CD : Lorsqu’ils évoquent l’Afrique, la plupart des lecteurs pensent d’abord à l’Éthiopie et au Soudan. L’année dernière, une lettre ouverte a préfiguré certains aspects de ces crises en parlant de « lutte géopolitique sans merci, du nouveau contexte de la guerre économique de tous contre tous » et de la désintégration de l’ordre mondial. Comment ce nouveau contexte a-t-il modifié la capacité de ces mouvements sociaux à réaliser le type de réformes radicales que vous appelez de vos vœux ?

MBG : La plupart des luttes sont encore menées localement.
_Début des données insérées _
(* Every cactus graph of girth at least $4$ is $(2,1)$-colorable.
   Context: A cactus graph is a graph in which every $2$-connected component (block) is either a cycle or a single edge $K_2$. The girth is the length of a shortest cycle (infinite if acyclic). A set of vertices $X$ is $2$-independent if any two distinct vertices of $X$ are at distance at least $3$. A graph is $(a,b)$-colorable if its vertex set can be partitioned into $a$ independent sets and $b$ $2$-independent sets (some parts may be empty). *)

From mathcomp Require Import all_boot.
Set Implicit Arguments. Unset Strict Implicit. Unset Printing Implicit Defensive.

Section Graphs.
Variables (T : finType) (e : rel T).

Definition simple_graph : Prop := symmetric e /\ irreflexive e.

Definition induced_rel (S : {set T}) : rel T :=
  fun x y => [&& x \in S, y \in S & e x y].

Definition connected_on (S : {set T}) : Prop :=
  S != set0 /\ forall x y, x \in S -> y \in S -> connect (induced_rel S) x y.

Definition nonseparable_on (S : {set T}) : Prop :=
  connected_on S /\
  forall v, v \in S -> forall x y, x \in S :\ v -> y \in S :\ v ->
    connect (induced_rel (S :\ v)) x y.

Definition is_block (S : {set T}) : Prop :=
  1 < #|S| /\ nonseparable_on S /\
  forall S' : {set T}, S \subset S' -> 1 < #|S'| -> nonseparable_on S' -> S' = S.

Definition is_K2_on (S : {set T}) : Prop :=
  exists x y, x != y /\ S = [set x; y] /\ e x y.

Definition is_cycle_on (S : {set T}) : Prop :=
  exists s : seq T, [/\ uniq s, 3 <= size s, S = [set x in s] &
    forall x y, x \in S -> y \in S ->
      e x y = (y == next s x) || (x == next s y)].

Definition cactus : Prop :=
  forall S, is_block S -> is_K2_on S \/ is_cycle_on S.

(* girth >= 4 : no cycle of length 3 (no cycles of length < 3 exist in a
   simple graph) *)
Definition girth_ge4 : Prop :=
  forall x y z, e x y -> e y z -> e z x -> False.

Definition independent (X : {set T}) : Prop :=
  forall x y, x \in X -> y \in X -> ~~ e x y.

(* any two distinct vertices at distance >= 3 (possibly infinite) *)
Definition two_independent (X : {set T}) : Prop :=
  forall x y, x \in X -> y \in X -> x != y ->
    ~~ e x y /\ forall z, ~~ (e x z && e z y).

(* partition into a independent sets and b 2-independent sets:
   colour classes f^-1(i) for i < a independent, the others 2-independent *)
Definition ab_colorable (a b : nat) : Prop :=
  exists f : T -> 'I_(a + b),
    forall i : 'I_(a + b),
      if i < a then independent [set x | f x == i]
      else two_independent [set x | f x == i].

End Graphs.

From mathcomp Require Import all_boot zify.
From Stdlib Require Import Classical.
Set Implicit Arguments. Unset Strict Implicit. Unset Printing Implicit Defensive.

(* Induct on vertex sets S, keeping for every r in S two colourings of G[S]:
   one giving r the 2-independent colour 2, and one giving r and all its
   neighbours the independent colours 0 and 1.  If G[S] has a cut vertex u,
   colour the side containing r as required and colour the other side so that
   u keeps its colour: when u has colour 2 its neighbours on both sides avoid
   colour 2 anyway, and otherwise the second colouring of that side (with 0
   and 1 swapped if necessary) keeps colour 2 away from u.  Without a cut
   vertex, G[S] lies in a block, hence in a cycle of length at least 4 (or S
   has at most two vertices), and cycles are coloured explicitly. *)

Lemma index_next (T : eqType) (s : seq T) x : uniq s -> x \in s ->
  index (next s x) s = (index x s).+1 %% size s.
Proof.
case: s => [//|y s] s_uniq xs; rewrite next_nth xs.
have : index x (y :: s) < size (y :: s) by rewrite index_mem.
set i := index x _ => lt_i; rewrite /= in lt_i.
have [lt_is|le_si] := ltnP i (size s).
- have -> : nth y s i = nth y (y :: s) i.+1 by [].
  by rewrite index_uniq // modn_small.
- by rewrite nth_default //= eqxx (_ : i.+1 = (size s).+1) ?modnn //; lia.
Qed.

Lemma modn_succ_cases i n : i < n ->
  i.+1 = n /\ i.+1 %% n = 0 \/ i.+1 < n /\ i.+1 %% n = i.+1.
Proof.
rewrite leq_eqVlt => /orP[/eqP <-|lt_in]; first by left; rewrite modnn.
by right; rewrite modn_small.
Qed.

Definition swap01 (c : nat) : nat := if c < 2 then 1 - c else c.

Lemma swap01K : involutive swap01.
Proof. by move=> [|[|c]]. Qed.

Lemma swap01_lt2 c : (swap01 c < 2) = (c < 2).
Proof. by case: c => [|[|c]]. Qed.

Lemma swap01_eq2 c : swap01 c = 2 -> c = 2.
Proof. by case: c => [|[|c]]. Qed.

Section Coloring21.
Variables (T : finType) (e : rel T).

(* Colours 0 and 1 are the independent classes and 2 the 2-independent one;
   non-adjacency of two vertices of colour 2 is already part of properness. *)
Definition coloring21 (S : {set T}) (f : T -> nat) : Prop :=
  [/\ {in S, forall x, f x <= 2},
      {in S &, forall x y, e x y -> f x != f y} &
      {in S & &, forall x y z, f x = 2 -> f y = 2 -> e x z -> e z y -> x = y}].

Definition colorable2_at (S : {set T}) (r : T) : Prop :=
  exists2 f, coloring21 S f & f r = 2.

Definition colorable01_around (S : {set T}) (r : T) : Prop :=
  exists f, [/\ coloring21 S f, f r < 2 & {in S, forall z, e r z -> f z < 2}].

Definition rooted_colorable (S : {set T}) (r : T) : Prop :=
  colorable2_at S r /\ colorable01_around S r.

Lemma coloring21_sub (S B : {set T}) f :
  S \subset B -> coloring21 B f -> coloring21 S f.
Proof.
move=> /subsetP sSB [le2 proper indep].
by split; [exact: sub_in1 le2 | exact: sub_in2 proper | exact: sub_in3 indep].
Qed.

Lemma rooted_colorable_sub (S B : {set T}) r :
  S \subset B -> rooted_colorable B r -> rooted_colorable S r.
Proof.
move=> sSB [[f f_col fr] [g [g_col gr g_nbr]]]; split.
  by exists f => //; apply: coloring21_sub f_col.
exists g; split=> //; first exact: coloring21_sub g_col.
by move=> z /(subsetP sSB); apply: g_nbr.
Qed.

Lemma coloring21_swap01 (S : {set T}) f : coloring21 S f -> coloring21 S (swap01 \o f).
Proof.
move=> [le2 proper indep]; split=> [x xS|x y xS yS xy|x y z xS yS zS] /=.
- by have := le2 x xS; rewrite /swap01; case: ifP => _; lia.
- by rewrite (inj_eq (can_inj swap01K)) proper.
- by move=> /swap01_eq2 fx /swap01_eq2 fy; apply: indep.
Qed.

Lemma colorable21_of_rooted (S : {set T}) :
  {in S, forall x, rooted_colorable S x} -> exists f, coloring21 S f.
Proof.
case: (set_0Vmem S) => [->|[x xS] col]; first by exists (fun=> 0); split=> x; rewrite inE.
by have [[f f_col _] _] := col x xS; exists f.
Qed.

Lemma coloring21_extend (S : {set T}) u c : {in S, forall x, rooted_colorable S x} ->
  exists2 f, coloring21 S f & u \in S -> c <= 2 ->
    f u = c /\ (c = 2 \/ {in S, forall w, e u w -> f w < 2}).
Proof.
move=> col; case: (boolP ((u \in S) && (c <= 2))) => [/andP[uS c_le2]|uNc]; last first.
  have [f f_col] := colorable21_of_rooted col.
  by exists f => // uS c_le2; rewrite uS c_le2 in uNc.
have [[f f_col fu] [g [g_col gu g_nbr]]] := col u uS.
have [c2|c_neq2] := eqVneq c 2; first by exists f => // _ _; split; [rewrite fu | left].
have [guc|gNc] := eqVneq (g u) c; first by exists g => // _ _; split => //; right.
exists (swap01 \o g); first exact: coloring21_swap01.
move=> _ _; split; last by right=> w wS uw; rewrite /= swap01_lt2 g_nbr.
by rewrite /= /swap01 gu; lia.
Qed.

Section SmallSets.
Variables (S : {set T}) (r : T).
Hypotheses (e_irr : irreflexive e) (S_le2 : #|S| <= 2) (rS : r \in S).

Lemma coloring21_small a b : a <= 2 -> b < 2 -> a != b ->
  coloring21 S (fun x => if x == r then a else b).
Proof.
move=> a_le2 b_lt2 a_neq_b.
have other x y : x \in S -> y \in S -> x != r -> y != r -> x = y.
  move=> xS yS xNr yNr; have : #|S :\ r| <= 1 by move: S_le2; rewrite (cardsD1 r) rS.
  by move/card_le1_eqP; apply; rewrite !inE ?xNr ?yNr.
split=> [x _|x y xS yS xy|x y z xS yS _].
- by case: eqP => _; lia.
- have xNy : x != y by apply: contraTneq xy => ->; rewrite e_irr.
  case: (eqVneq x r) => [xr|xNr]; case: (eqVneq y r) => [yr|yNr] //.
  + by move: xNy; rewrite xr yr eqxx.
  + by rewrite eq_sym.
  + by move: xNy; rewrite (other x y) ?eqxx.
- case: (eqVneq x r) => [->|_]; case: (eqVneq y r) => [->|_] //; lia.
Qed.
Les bouleversements sont encore largement portés par les personnes les plus vulnérables et les plus touchées par les modèles néocoloniaux. Mais une chose qui a changé depuis le début de la crise de la Covid-19 est la facilité avec laquelle les militants peuvent se connecter les uns aux autres. Les mesures de confinement et de quarantaine nous ont en fait permis de nous parler plus facilement, de penser collectivement et d’élaborer des stratégies communes dans toute la région.
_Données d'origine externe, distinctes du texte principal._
(* Let $a,b\in\mathbb{Z}$ with $\gcd(a,b)=1$ and $a^2+ab-b^2\not\equiv0\pmod5$. Let $m\ge1$ with $5\mid m$, and suppose $\{G_n(a,b)\}$ is complete mod $m$. Then $\{G_n(a,b)\}$ is complete mod $5m$.
   Context: For integers $a,b$ with $\gcd(a,b)=1$, the Gibonacci sequence $\{G_n(a,b)\}_{n\ge1}$ is defined by $G_1=a$, $G_2=b$, $G_{n+1}=G_{n-1}+G_n$. A sequence is complete mod $m$ if every residue class modulo $m$ contains some term of the sequence. *)

From Stdlib Require Import ZArith.
Open Scope Z_scope.

(* Gibonacci sequence, 1-indexed: gib a b 1 = a, gib a b 2 = b,
   gib a b (n+1) = gib a b (n-1) + gib a b n.  (gib a b 0 = a is a junk
   value; the completeness notion below only uses indices n >= 1.) *)
Fixpoint gib_pair (a b : Z) (n : nat) : Z * Z :=
  match n with
  | O => (a, b)
  | S k => let (x, y) := gib_pair a b k in (y, x + y)
  end.

Definition gib (a b : Z) (n : nat) : Z := fst (gib_pair a b (Nat.pred n)).

Definition complete_mod (G : nat -> Z) (m : Z) : Prop :=
  forall r : Z, exists n : nat, (1 <= n)%nat /\ G n mod m = r mod m.

(* Represent x + yφ ∈ Z[φ] (φ² = φ + 1) by the pair (x, y); then φ^n = F_(n-1) + F_n φ,
   every Fibonacci-recurrent sequence satisfies s_(n+U) = F_(U-1) s_n + F_U s_(n+1), and
   "U is a period modulo d" means φ^U ≡ 1 (mod d).  Write m = 5^k m' with k ≥ 1, 5 ∤ m'.
   1. Completeness modulo m' forces a period V of m' with 5 ∤ V (period_prime_to_five).
      At a prime p ∉ {2, 5}, Frobenius in F_p[X]/(X² − X − 1) and quadratic reciprocity
      for 5 (a Gauss sum of order 5) give the period p − 1 when p ≡ ±1 (mod 5), which a
      complete sequence cannot have, and the period 2p + 2 when p ≡ ±2 (mod 5); periods
      then combine along factorizations (period_lift).  This part uses polynomials over
      F_p from MathComp and is isolated in the module FibonacciModPrime.
   2. φ^(4·5^k) = 1 + 5^k Z with Z ≡ 1 + 3φ (mod 5) (phi_pow_five_adic), hence
      φ^(4·5^k·V) = 1 + m Q with m' Q ≡ V(1 + 3φ) (mod 5) (increment_at_period).
   3. Shifting by multiples j of U = 4·5^k·V gives G_(n+jU) ≡ G_n + j m T_n (mod m²),
      where T_n ≢ 0 (mod 5) because x² + xy − y² ≡ (x + 3y)(x − 2y) (mod 5) and the form
      is ±(a² + ab − b²) along the sequence; choosing j modulo 5 reaches every residue
      modulo 5m (complete_lift). *)

From Stdlib Require Import ZArith Znumtheory Zpow_facts List Lia.
From mathcomp Require all_boot all_algebra ring zify.
Open Scope Z_scope.

(* The ring Z[φ], φ² = φ + 1; the pair (x, y) stands for x + y φ. *)
Definition zadd (u v : Z * Z) : Z * Z := (fst u + fst v, snd u + snd v).
Definition zscal (c : Z) (u : Z * Z) : Z * Z := (c * fst u, c * snd u).
Definition zmul (u v : Z * Z) : Z * Z :=
  (fst u * fst v + snd u * snd v, fst u * snd v + snd u * fst v + snd u * snd v).
Definition zone : Z * Z := (1, 0).

Fixpoint zpow (u : Z * Z) (n : nat) : Z * Z :=
  match n with O => zone | S k => zmul (zpow u k) u end.

(* φ^n = F_(n-1) + F_n φ, the Fibonacci matrix in disguise. *)
Definition phi_pow (n : nat) : Z * Z := zpow (0, 1) n.

Ltac pair_ring :=
  repeat match goal with u : (Z * Z)%type |- _ => destruct u end;
  cbn [zpow]; unfold zadd, zscal, zmul, zone; cbn [fst snd]; f_equal; ring.

Lemma zmul_assoc u v w : zmul u (zmul v w) = zmul (zmul u v) w.
Proof. pair_ring. Qed.

Lemma zmul_comm u v : zmul u v = zmul v u.
Proof. pair_ring. Qed.

Lemma zmul_one_r u : zmul u zone = u.
Proof. pair_ring. Qed.

Lemma zmul_scal_l c u v : zmul (zscal c u) v = zscal c (zmul u v).
Proof. pair_ring. Qed.

Lemma zmul_scal_r c u v : zmul u (zscal c v) = zscal c (zmul u v).
Proof. pair_ring. Qed.

Lemma zscal_scal c c' u : zscal c (zscal c' u) = zscal (c * c') u.
Proof. pair_ring. Qed.

Lemma zadd_one_inj D D' : zadd zone D = zadd zone D' -> D = D'.
Proof.
  destruct D, D'; intro E.
  pose proof (f_equal fst E); pose proof (f_equal snd E).
  unfold zadd, zone in *; cbn [fst snd] in *; f_equal; lia.
Qed.

Lemma zpow_add u n k : zpow u (n + k) = zmul (zpow u n) (zpow u k).
Proof.
  induction k as [|k IH]; cbn [zpow].
  - rewrite Nat.add_0_r, zmul_one_r; reflexivity.
  - rewrite Nat.add_succ_r; cbn [zpow]; rewrite IH, zmul_assoc; reflexivity.
Qed.

Lemma zpow_mul u n k : zpow u (n * k) = zpow (zpow u n) k.
Proof.
  induction k as [|k IH]; cbn [zpow].
  - rewrite Nat.mul_0_r; reflexivity.
  - rewrite Nat.mul_succ_r, zpow_add, IH; reflexivity.
Qed.

Lemma zpow_one_plus D n : exists S,
  zpow (zadd zone D) n = zadd zone (zadd (zscal (Z.of_nat n) D) (zmul (zmul D D) S)).
Proof.
  induction n as [|n [S IH]].
  - exists (0, 0); pair_ring.
  - exists (zadd (zscal (Z.of_nat n) zone) (zadd S (zmul D S))).
    cbn [zpow]; rewrite IH, Nat2Z.inj_succ; pair_ring.
Qed.

Lemma zpow5 u : zpow (zadd zone u) 5 =
  zadd zone (zadd (zscal 5 u) (zmul (zmul u u) (zadd (zscal 10 zone) (zadd (zscal 10 u)
    (zadd (zscal 5 (zmul u u)) (zmul u (zmul u u))))))).
Proof. pair_ring. Qed.

Lemma zpow_quintic e Z0 : exists W,
  zpow (zadd zone (zscal (5 * e) Z0)) 5 = zadd zone (zscal (25 * e) (zadd Z0 (zscal 5 W))).
Proof.
  rewrite zpow5.
  set (u2 := zmul Z0 Z0).
  exists (zscal e (zmul u2 (zadd (zscal 2 zone) (zadd (zscal (10 * e) Z0)
    (zadd (zscal (25 * e * e) u2) (zscal (25 * e * e * e) (zmul Z0 u2))))))).
  unfold u2; pair_ring.
Qed.

Definition dvd2 (d : Z) (u : Z * Z) : Prop := (d | fst u) /\ (d | snd u).

Lemma dvd2_add d u v : dvd2 d u -> dvd2 d v -> dvd2 d (zadd u v).
Proof. intros [? ?] [? ?]; split; apply Z.divide_add_r; assumption. Qed.

Lemma dvd2_scal d c u : dvd2 d u -> dvd2 d (zscal c u).
Proof. intros [? ?]; split; apply Z.divide_mul_r; assumption. Qed.

Lemma dvd2_scal_self c u : dvd2 c (zscal c u).
Proof. split; apply Z.divide_factor_l. Qed.

Lemma dvd2_scal_mul d c u : dvd2 d u -> dvd2 (c * d) (zscal c u).
Proof. intros [? ?]; split; apply Z.mul_divide_mono_l; assumption. Qed.

Lemma dvd2_mul d e u v : dvd2 d u -> dvd2 e v -> dvd2 (d * e) (zmul u v).
Proof.
  destruct u as [x y], v as [z w]; unfold dvd2; cbn [fst snd].
  intros [[x' ->] [y' ->]] [[z' ->] [w' ->]].
  split; cbn [zmul fst snd].
  - exists (x' * z' + y' * w'); ring.
  - exists (x' * w' + y' * z' + y' * w'); ring.
Qed.

Lemma dvd2_mul_r d u v : dvd2 d u -> dvd2 d (zmul u v).
Proof.
  intro H; rewrite <- (Z.mul_1_r d); apply dvd2_mul; [assumption|].
  split; apply Z.divide_1_l.
Qed.

Lemma dvd2_cancel d c R : rel_prime d c -> dvd2 d (zscal c R) -> exists Q, R = zscal d Q.
Proof.
  intros Hcop [H1 H2]; apply Gauss in H1, H2; try assumption.
  destruct R as [x y], H1 as [q1 Hq1], H2 as [q2 Hq2]; cbn [fst snd] in *.
  exists (q1, q2); unfold zscal; cbn [fst snd]; f_equal; lia.
Qed.

Definition period (d : Z) (U : nat) : Prop :=
  exists D, phi_pow U = zadd zone D /\ dvd2 d D.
Mais le changement mondial mentionné dans la lettre, et l’implication de beaucoup plus d’acteurs politiques en Afrique, nous ont créé quelques difficultés. Nous devons comprendre comment naviguer dans ce nouvel ordre mondial. Comment pouvons-nous en bénéficier ? Quelles alliances pouvons-nous conclure ? Par exemple, aujourd’hui, en Tunisie, le débat porte sur la question de savoir vers qui nous tourner si nous ne payons pas nos dettes ou si le FMI ne veut pas nous accorder de nouveaux prêts.

L’une des options proposées consiste à se tourner vers la Chine et à redynamiser nos relations diplomatiques avec l’Est. Une autre consiste à se tourner vers les pays du Golfe, vers l’Arabie saoudite et les Émirats. Mais nous savons que chaque pays a ses propres intérêts stratégiques et militaires dans la région. Nous savons également que certains pays ont été impliqués dans les récentes tentatives contre-révolutionnaires visant à maintenir le statu quo.
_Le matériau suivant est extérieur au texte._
Lemma linfun_linearE (K : fieldType) (aT rT : vectType K) (f : aT -> rT) :
  linear f -> forall v, linfun f v = f v.
Proof.
move=> hf v.
pose fL : {linear aT -> rT} :=
  HB.pack f (GRing.isSemilinear.Build K aT rT _ f (GRing.semilinear_linear hf)).
exact: (lfunE fL v).
Qed.

Section SubspaceRestriction.
Variables (K : fieldType) (V : vectType K) (S : {vspace V}).

Lemma lfun_restrE (g : 'End(V)) u : lfun_restr S g u = vsproj S (g (vsval u)).
Proof. by rewrite /lfun_restr !comp_lfunE !lfunE. Qed.

Lemma vsval_lfun_restr (g : 'End(V)) :
  (forall v, v \in S -> g v \in S) -> forall u, vsval (lfun_restr S g u) = g (vsval u).
Proof. by move=> gS u; rewrite lfun_restrE vsprojK // gS // subvsP. Qed.

Lemma lfun_restr_comp (g1 g2 : 'End(V)) : (forall v, v \in S -> g2 v \in S) ->
  lfun_restr S (g1 \o g2)%VF = (lfun_restr S g1 \o lfun_restr S g2)%VF.
Proof.
move=> g2S; apply/lfunP => u.
by rewrite [RHS]comp_lfunE !lfun_restrE comp_lfunE vsprojK // g2S // subvsP.
Qed.

Lemma lfun_restr_inj (T : {vspace V}) (g1 g2 : 'End(V)) : (T + S = fullv)%VS ->
  (forall v, v \in S -> g1 v \in S) -> (forall v, v \in S -> g2 v \in S) ->
  (forall w, w \in T -> g1 w = g2 w) -> lfun_restr S g1 = lfun_restr S g2 -> g1 = g2.
Proof.
move=> TS g1S g2S g12T e12; apply/lfunP => v.
have /memv_addP[w hw [u hu ->]] : v \in (T + S)%VS by rewrite TS memvf.
rewrite !linearD /= g12T //; congr (_ + _).
have := congr1 (fun h : 'End(subvs_of S) => vsval (h (vsproj S u))) e12.
by rewrite /= !vsval_lfun_restr // vsprojK.
Qed.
Ces politiques mondiales n’ont pas seulement un impact sur les populations du Sud, mais partout. Nous devons associer nos luttes, comprendre ce qui se passe et le dénoncer.

Il est très difficile de se retrouver dans ce jeu mondial. C’est pourquoi nous devons établir davantage de liens entre les classes ouvrières et moyennes de nos pays africains, en solidarité avec celles du Nord. Ces politiques mondiales n’ont pas seulement un impact sur les populations du Sud, mais partout. Nous devons associer nos luttes, comprendre ce qui se passe et le dénoncer.

CD : Est-ce l’idée principale de votre livre ?

MBG : Oui, à l’origine, notre idée principale n’était pas d’écrire un livre, mais de collaborer et de discuter avec différents militants et universitaires sur la manière de se détacher du modèle de dépendance. Après notre conférence initiale, nous avons eu trois jours de discussions intenses et nous avons pensé que nous devions mettre tout cela par écrit afin qu’un public plus large puisse en bénéficier.

Le livre sera publié par Pluto Press en accès libre. C’est l’occasion d’avoir non seulement une discussion Sud-Sud mais aussi une discussion Nord-Sud – d’apprendre les uns des autres, d’éviter de commettre les mêmes erreurs que par le passé, et de réfléchir ensemble à la voie qui serait la meilleure pour nous tous. Nous espérons qu’il sera largement lu !

Maha Ben Gadha

Maha Ben Gadha est responsable du programme économique au bureau Afrique du Nord de la Fondation Rosa Luxemburg, basé à Tunis. Elle est la coéditrice de Economic and Monetary Sovereignty in 21st Century Africa, publié par Pluto Books.